Chen L, Glover J N, Hogan P G, Rao A, Harrison S C
Department of Molecular and Cellular Biology, Harvard University, Cambridge, Massachusetts 02138, USA.
Nature. 1998 Mar 5;392(6671):42-8. doi: 10.1038/32100.

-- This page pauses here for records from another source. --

Lemma coboundary_on_cycle q (A C : T -> nat) : 0 < q ->
  \sum_y A y = \sum_y C y %[mod q] ->
  exists phi : T -> nat, forall y, phi y + C y = A y + phi (sigma y) %[mod q].
Proof.
case: q => // r _ sumAC.
(* As r = -1 (mod q), W y = C y - A y; phi is the partial sum of W along the cycle. *)
pose W y := C y + r * A y.
have sumW : \sum_y W y = \sum_y C y + r * \sum_y A y by rewrite big_split -big_distrr.
exists (fun y => \sum_(j < rank y) W (Y j)) => y.
set S := \sum_(j < rank y) _.
have := rank_lt y; rewrite leq_eqVlt => /predU1P[last_y | lt_y].
  have -> : rank (sigma y) = 0 by rewrite rank_sigma last_y modnn.
  rewrite big_ord0 addn0 -(modnMDl (\sum_y A y) (A y)).
  have := sum_cycle W; rewrite -last_y big_ord_recr /= Y_rank sumW.
  move=> tot; apply/eqP; rewrite -(eqn_modDr (r * A y)).
  have -> : S + C y + r * A y = \sum_y C y + r * \sum_y A y by rewrite -addnA -tot.
  have -> : (\sum_y A y) * r.+1 + A y + r * A y = (\sum_y A y + A y) * r.+1 by nia.
  by rewrite modnMl -modnDml -sumAC modnDml -[_ + _]/(r.+1 * \sum_y A y) modnMr.
have -> : rank (sigma y) = (rank y).+1 by rewrite rank_sigma modn_small.
rewrite big_ord_recr /= Y_rank -/S.
have -> : A y + (S + W y) = A y * r.+1 + (S + C y) by rewrite /W; lia.
by rewrite modnMDl.
Qed.

End Coboundary.

Section IteratedWreath.
Variable p : nat -> nat.
Hypothesis p_gt0 : forall i, 0 < p i.

Local Notation leaf := (leaf p).

(** * Coordinates of leaves *)

Definition coord k (x : leaf k) (n : nat) : nat :=
  if insub n is Some j then nat_of_ord (x j) else 0.

Lemma coordE k (x : leaf k) (j : 'I_k) : coord x j = x j.
Proof. by rewrite /coord valK. Qed.

Lemma coord_lt k (x : leaf k) n : coord x n < p n.
Proof. by rewrite /coord; case: insubP => [j _ <-|_]; [exact: ltn_ord | exact: p_gt0]. Qed.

The nuclear factor of activated T cells (NFAT) and the AP-1 heterodimer, Fos-Jun, cooperatively bind a composite DNA site and synergistically activate the expression of many immune-response genes. A 2.7-A-resolution crystal structure of the DNA-binding domains of NFAT, Fos and Jun, in a quaternary complex with a DNA fragment containing the distal antigen-receptor response element from the interleukin-2 gene promoter, shows an extended interface between NFAT and AP-1, facilitated by the bending of Fos and DNA. The tight association of the three proteins on DNA creates a continuous groove for the recognition of 15 base pairs.
活化T细胞核因子(NFAT)与AP-1异二聚体Fos-Jun协同结合一个复合DNA位点,并协同激活许多免疫反应基因的表达。NFAT、Fos和Jun的DNA结合结构域与包含白细胞介素-2基因启动子远端抗原受体反应元件的DNA片段形成的四聚体复合物的2.7埃分辨率晶体结构显示,在Fos和DNA弯曲的促进下,NFAT与AP-1之间存在一个延伸的界面。三种蛋白质在DNA上的紧密结合形成了一个连续的凹槽,用于识别15个碱基对。